1834. Eugène Delacroix reçoit commande d’un portrait de George Sand. Le peintre et l’écrivain ne se connaissent pas. Rendez-vous est pris. Mais le modèle fait faux bond à la première séance de pose : elle est en proie aux effets d’une violente rupture d’avec son amant du moment, Alfred de Musset. Qu’importe ! Ce rendez-vous manqué sera la genèse d’une amitié amoureuse intense, qui durera près de 30 ans, nourrie par une correspondance qui livre certains de leurs secrets.

Si l’Artiste n’est pas insensible aux charmes d’une Aurore Dupin, c’est bien à l’écrivain de son cœur qu’il dévoile son âme. Ses enchantements, ses convictions, et sa relation magique avec les couleurs, celles de ses peintures, celles de sa vie. Celles de son génie.

Création au Festival de la Correspondance de Grignan, le 5 juillet 2008, avec Elsa Zylberstein et Thierry Frémont, mis en scène par Caroline Huppert.
Musée de la vie romantique, « Paris en Toutes Lettres », mise en espace Séverine Vincent, avec Julie Marbœuf et Geoffroy Thiébaut.
« A vous de Lire », Lycée Henri IV avec Julie Marbœuf et Frédéric Rose.

Claudine Vincent

Claudine Vincent

Après avoir découvert le théâtre très jeune au cours d’un spectacle d’école primaire, après avoir tenté l’écriture avec des poèmes naïfs mais sincères au collège, puis écrit « sérieusement » des chansons pour divers chanteurs (Michel Delpech, Isabelle Aubret, Juliette Gréco, entre autres...), Claudine Vincent prend des cours d’art dramatique avec Mary Marquet, Maurice Escande et Béatrix Dussane, puis entre au Conservatoire d’art dramatique de Paris. C’est alors qu’elle abandonne ses ambitions de comédienne pour se consacrer à ses enfants.

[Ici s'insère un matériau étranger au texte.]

(* Let $F$ be a finite field of odd characteristic in which $-1$ is not a square, let $z,z'\in F$ with $z\neq z'$, and let $g_z,g_{z'}:F^3\to\mathbb{C}$ be functions supported on the planes $\{x_3=z\}$ and $\{x_3=z'\}$ respectively, each $\sim1$ on its support, with $G_z=\{\underline{x}\in F^2:g_z(\underline{x},z)\ne0\}$ and $G_{z'}=\{\underline{x}\in F^2:g_{z'}(\underline{x},z')\ne0\}$. Then $$\big\|(g_z*K)\,(g_{z'}*K)\big\|_{L^2(F^3)}^2 \lesssim |F|^{-1}|G_z|\,|G_{z'}| + |F|^{-2}\,\mathcal{B}(G_z,G_{z'}),$$ where $\mathcal{B}(A,B):=\min\{\mathcal{T}(A,B),\ |F|\,(\mathcal{R}(A)\mathcal{R}(B))^{1/2}\}$.
   Context: $e:(F,+)\to\mathbb{C}^\times$ is a fixed nontrivial additive character; $x\cdot y=\sum_i x_iy_i$; points of $F^3$ are $x=(\underline{x},x_3)$. $P=\{(\underline{x},\underline{x}\cdot\underline{x}):\underline{x}\in F^2\}$. $F^3$ carries counting measure, $(h_1*h_2)(x)=\sum_y h_1(y)h_2(x-y)$. $(d\sigma)^{\vee}(x)=|F|^{-2}\sum_{\xi\in P}e(x\cdot\xi)$, $\delta$ the indicator of $0$, $K:=(d\sigma)^{\vee}-\delta$. ''$h\sim1$ on its support'' means $\tfrac12\le|h|\le2$ wherever $h\ne0$. For $x_0,x_1,x_2\in F^2$, $(x_0,x_1,x_2)$ is a corner if $(x_1-x_0)\cdot(x_2-x_1)=0$; $(x_0,x_1,x_2,x_3)\in(F^2)^4$ is a rectangle if $(x_i,x_{i+1},x_{i+2})$ is a corner for each $i\in\{0,1,2,3\}$, indices mod 4; $\mathcal{R}(A)$ is the number of rectangles in $A^4$. A quadruple $(x_1,x_2,x_3,x_4)$ in $F^2$ is a trapezoid if $x_1-x_2=\lambda(x_3-x_4)$ for some $\lambda\in F$; $\mathcal{T}(A,B)$ is the number of trapezoids with $x_1,x_2\in A$, $x_3,x_4\in B$. $X\lesssim Y$ means $X\le CY$ with $C$ absolute. *)

From HB Require Import structures.
From mathcomp Require Import all_boot all_order all_algebra.
Set Implicit Arguments. Unset Strict Implicit. Unset Printing Implicit Defensive.
Import Order.TTheory GRing.Theory Num.Theory.
Local Open Scope ring_scope.

Section Defs.
Variables (F : finFieldType) (C : numClosedFieldType).

(* F^2 is F * F ; F^3 is (F * F) * F, x = (x.1, x.2) = (underline x, x_3). *)
Definition dot2 (a b : F * F) : F := a.1 * b.1 + a.2 * b.2.
Definition dot3 (x y : F * F * F) : F := dot2 x.1 y.1 + x.2 * y.2.
Definition sub2 (a b : F * F) : F * F := (a.1 - b.1, a.2 - b.2).
Definition sub3 (x y : F * F * F) : F * F * F := (sub2 x.1 y.1, x.2 - y.2).
Definition zero3 : F * F * F := ((0, 0), 0).

Definition nontrivial_additive_character (e : F -> C) : Prop :=
  (forall x y, e (x + y) = e x * e y) /\ (forall x, e x != 0) /\
  (exists x, e x != 1).

Definition conv3 (h1 h2 : F * F * F -> C) (x : F * F * F) : C :=
  \sum_(y : F * F * F) h1 y * h2 (sub3 x y).

(* (d sigma)^vee (x) = |F|^{-2} sum_{xi in P} e(x . xi),
   P = {(xi, xi . xi) : xi in F^2} *)
Definition dsigma_check (e : F -> C) (x : F * F * F) : C :=
  (#|F|%:R ^+ 2)^-1 * \sum_(xi : F * F) e (dot3 x (xi, dot2 xi xi)).

Definition delta3 (x : F * F * F) : C := if x == zero3 then 1 else 0.

Definition Kker (e : F -> C) (x : F * F * F) : C := dsigma_check e x - delta3 x.

Definition L2sq (h : F * F * F -> C) : C := \sum_(x : F * F * F) `|h x| ^+ 2.

Definition sim1_on_support (h : F * F * F -> C) : Prop :=
  forall x, h x != 0 -> 2^-1 <= `|h x| <= 2.

Definition supported_on_plane (h : F * F * F -> C) (z : F) : Prop :=
  forall x, x.2 != z -> h x = 0.

Definition slice_support (h : F * F * F -> C) (z : F) : {set F * F} :=
  [set u : F * F | h (u, z) != 0].

Definition corner (x0 x1 x2 : F * F) : bool :=
  dot2 (sub2 x1 x0) (sub2 x2 x1) == 0.

Definition rectangle (x0 x1 x2 x3 : F * F) : bool :=
  [&& corner x0 x1 x2, corner x1 x2 x3, corner x2 x3 x0 & corner x3 x0 x1].

Definition Rcount (A : {set F * F}) : nat :=
  #|[set t : (F * F) * (F * F) * (F * F) * (F * F) |
      [&& t.1.1.1 \in A, t.1.1.2 \in A, t.1.2 \in A, t.2 \in A &
          rectangle t.1.1.1 t.1.1.2 t.1.2 t.2]]|.

Definition trapezoid (x1 x2 x3 x4 : F * F) : bool :=
  [exists l : F, sub2 x1 x2 == (l * (sub2 x3 x4).1, l * (sub2 x3 x4).2)].

Definition Tcount (A B : {set F * F}) : nat :=
  #|[set t : (F * F) * (F * F) * (F * F) * (F * F) |
      [&& t.1.1.1 \in A, t.1.1.2 \in A, t.1.2 \in B, t.2 \in B &
          trapezoid t.1.1.1 t.1.1.2 t.1.2 t.2]]|.
(* Let $E=\mathbb{Q}(i,\sqrt5)$, let $\tau=(1+\sqrt5)/2$, and let $\sigma$ be the automorphism of $E$ with $\sigma(i)=i$ and $\sigma(\sqrt5)=-\sqrt5$. For a real number $N\ge 1$ let $\mathbf{L}(N)$ be the set of numbers $x=(a+bi)+(c+di)\tau\in E$ with $a,b,c,d\in\mathbb{Z}$ and $|a|,|b|,|c|,|d|\le N$. For $x_1,x_2\in E$ put $$X(x_1,x_2)=\begin{pmatrix} x_1 & \sigma(x_1)\\ i\,x_2 & \sigma(x_2)\end{pmatrix},\qquad D(N,N)=\min_{x_1,x_2\in\mathbf{L}(N)\setminus\{0\}}\left|\det X(x_1,x_2)\right|.$$ Then $$\limsup_{N\to\infty}\left(-\frac{\log D(N,N)}{\log N}\right)=2.$$
   Context: This is the two-user single-antenna Badr–Belfiore multiuser MIMO code; $\det X(x_1,x_2)\neq0$ whenever $x_1,x_2\neq0$, so $D(N,N)>0$. *)

From Stdlib Require Import Reals ZArith.
From Coquelicot Require Import Coquelicot.
Open Scope R_scope.

Definition tau : C := RtoC ((1 + sqrt 5) / 2).
Definition tau_conj : C := RtoC ((1 - sqrt 5) / 2).

Definition elt (a b c d : Z) : C :=
  Cplus (Cplus (RtoC (IZR a)) (Cmult Ci (RtoC (IZR b))))
        (Cmult (Cplus (RtoC (IZR c)) (Cmult Ci (RtoC (IZR d)))) tau).

(* its image under sigma (sigma(i) = i, sigma(sqrt 5) = - sqrt 5), using that
   1, i, tau, i tau is a Q-basis of E *)
Definition sigma_elt (a b c d : Z) : C :=
  Cplus (Cplus (RtoC (IZR a)) (Cmult Ci (RtoC (IZR b))))
        (Cmult (Cplus (RtoC (IZR c)) (Cmult Ci (RtoC (IZR d)))) tau_conj).

Definition detX (x1 sx1 x2 sx2 : C) : C :=
  Cminus (Cmult x1 sx2) (Cmult (Cmult Ci x2) sx1).

Definition inbox (N : R) (a b c d : Z) : Prop :=
  Rabs (IZR a) <= N /\ Rabs (IZR b) <= N /\ Rabs (IZR c) <= N /\ Rabs (IZR d) <= N.

Definition Dset (N : R) (r : R) : Prop :=
  exists a1 b1 c1 d1 a2 b2 c2 d2 : Z,
    inbox N a1 b1 c1 d1 /\ inbox N a2 b2 c2 d2 /\
    elt a1 b1 c1 d1 <> RtoC 0 /\ elt a2 b2 c2 d2 <> RtoC 0 /\
    r = Cmod (detX (elt a1 b1 c1 d1) (sigma_elt a1 b1 c1 d1)
                   (elt a2 b2 c2 d2) (sigma_elt a2 b2 c2 d2)).

(* D(N,N): the minimum of the (finite, nonempty) set Dset N, taken as its infimum *)
Definition DNN (N : R) : R := real (Glb_Rbar (Dset N)).

Definition sup_from (f : R -> R) (M : R) : Rbar :=
  Rbar_lub (fun y => exists N, M <= N /\ y = Finite (f N)).
Definition limsup_infty (f : R -> R) : Rbar :=
  Rbar_glb (fun z => exists M, z = sup_from f M).

(* Lower bound on D: det X(x1,x2) lies in Z[i][tau], and its norm
   det sigma(det) = - i (u^2 + sigma(u)^2), u = x1 sigma(x2), is a nonzero Gaussian integer
   because sqrt(-5) is not in Q(i).  As |sigma(det)| <= 48 N^2, D(N,N) >= 1 / (48 N^2) and the
   limsup is at most 2.

   Upper bound: iterating y^5 - 1 = (y - 1) (y^2 + tau y + 1) (y^2 + sigma(tau) y + 1) gives a
   balanced factorisation tau^(4e+1) - 1 = G H in Z[tau], with |G|, |H| <= 2 4^j phi^(2e) and
   |sigma G|, |sigma H| <= 2 4^j.  Then x1 = sigma(G) tau^e and x2 = H sigma(tau)^(e+1) (i tau - 1)
   have coordinates O(4^j phi^e), while det X(x1,x2) = 2 psi^(2e) (1 - i psi) has size about
   phi^(-2e).  Since e >= j^2, -log D / log N tends to 2 along this sequence. *)

From Stdlib Require Import Reals Lra Lia Nsatz ZArith Wf_nat.
From Coquelicot Require Import Coquelicot.
Open Scope R_scope.

Definition phi := (1 + sqrt 5) / 2.
Definition psi := (1 - sqrt 5) / 2.

Lemma sqrt5_sq : sqrt 5 * sqrt 5 = 5.
Proof. apply sqrt_sqrt; lra. Qed.

Lemma sqrt5_bounds : 2 < sqrt 5 < 3.
Proof.
  split.
  - rewrite <- (sqrt_square 2) by lra. apply sqrt_lt_1; lra.
  - rewrite <- (sqrt_square 3) by lra. apply sqrt_lt_1; lra.
Qed.

Lemma phi_sq : phi * phi = phi + 1.
Proof. unfold phi. pose proof sqrt5_sq. nra. Qed.

Lemma psi_sq : psi * psi = psi + 1.
Proof. unfold psi. pose proof sqrt5_sq. nra. Qed.

Lemma psi_eq : psi = 1 - phi.
Proof. unfold phi, psi. lra. Qed.

Lemma phi_eq : phi = 1 - psi.
Proof. unfold phi, psi. lra. Qed.

Lemma phi_psi_prod : phi * psi = -1.
Proof. unfold phi, psi. pose proof sqrt5_sq. nra. Qed.

Lemma phi_bounds : 3/2 < phi < 2.
Proof. unfold phi. pose proof sqrt5_bounds. lra. Qed.

Lemma psi_bounds : -1 < psi < -1/2.
Proof. unfold psi. pose proof sqrt5_bounds. lra. Qed.

Lemma abs_psi_pow n : Rabs (psi ^ n) * phi ^ n = 1.
Proof.
  pose proof phi_bounds.
  rewrite <- (Rabs_right (phi ^ n)) by (left; apply pow_lt; lra).
  rewrite <- Rabs_mult, <- Rpow_mult_distr, Rmult_comm, phi_psi_prod.
  apply pow_1_abs.
Qed.

Lemma square_mod5_eq0 p : ((p * p) mod 5 = 0 -> p mod 5 = 0)%Z.
Proof.
  rewrite Z.mul_mod by lia.
  pose proof (Z.mod_pos_bound p 5 ltac:(lia)).
  assert (Hr : (p mod 5 = 0 \/ p mod 5 = 1 \/ p mod 5 = 2 \/ p mod 5 = 3 \/ p mod 5 = 4)%Z) by lia.
  destruct Hr as [E|[E|[E|[E|E]]]]; rewrite E; easy.
Qed.

Lemma sq_eq_5sq p q : (p * p = 5 * (q * q))%Z -> q = 0%Z.
Proof.
  remember (Z.to_nat (Z.abs q)) as n eqn:Hn.
  revert p q Hn. induction n as [n IH] using lt_wf_ind. intros p q Hn Hpq.
  destruct (Z.eq_dec q 0) as [|Hq]; [assumption|exfalso].
  assert (Hp : (p mod 5 = 0)%Z) by (apply square_mod5_eq0; rewrite Hpq, Z.mul_comm, Z.mod_mul; lia).
  destruct (proj1 (Z.mod_divide p 5 ltac:(lia)) Hp) as [p1 ->].
  assert (Hq1 : (q * q = 5 * (p1 * p1))%Z) by lia.
  assert (p1 = 0%Z) by (apply (IH (Z.to_nat (Z.abs p1)) ltac:(nia) q p1 eq_refl Hq1)).
  nia.
Qed.

Record zt := ZT { zt_a : Z; zt_b : Z }.

Definition zt_val (r : R) (x : zt) : R := IZR (zt_a x) + IZR (zt_b x) * r.

Definition zt_one := ZT 1 0.
Definition zt_tau := ZT 0 1.
Definition zt_add (x y : zt) := ZT (zt_a x + zt_a y) (zt_b x + zt_b y).
Definition zt_mul (x y : zt) :=
  ZT (zt_a x * zt_a y + zt_b x * zt_b y)
     (zt_a x * zt_b y + zt_b x * zt_a y + zt_b x * zt_b y).
Definition zt_conj (x : zt) := ZT (zt_a x + zt_b x) (- zt_b x).
Fixpoint zt_pow (x : zt) (n : nat) : zt :=
  match n with O => zt_one | S k => zt_mul x (zt_pow x k) end.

Après quelques années de « femme au foyer », après avoir écrit quelques romans jamais publiés, elle s’occupe d’une agence de comédiens, fait de la production d’émissions de télévision pour France 2 et France 3, écrit des nouvelles pour des magazines, puis devient responsable de promotion dans la maison de disques « Une Musique ». C’est alors que le théâtre la rattrape. Elle joue diverses pièces, classiques et modernes, participe à des séries télévisées, tourne quelques films (Contre-enquête de Franck Mancuso, avec Jean Dujardin !). Mais l’écriture reste toujours une nécessité. Elle écrit des spectacles pour le Festival de la correspondance de Grignan, invente de courtes histoires qui vont devenir des nouvelles publiées chez TriArtis.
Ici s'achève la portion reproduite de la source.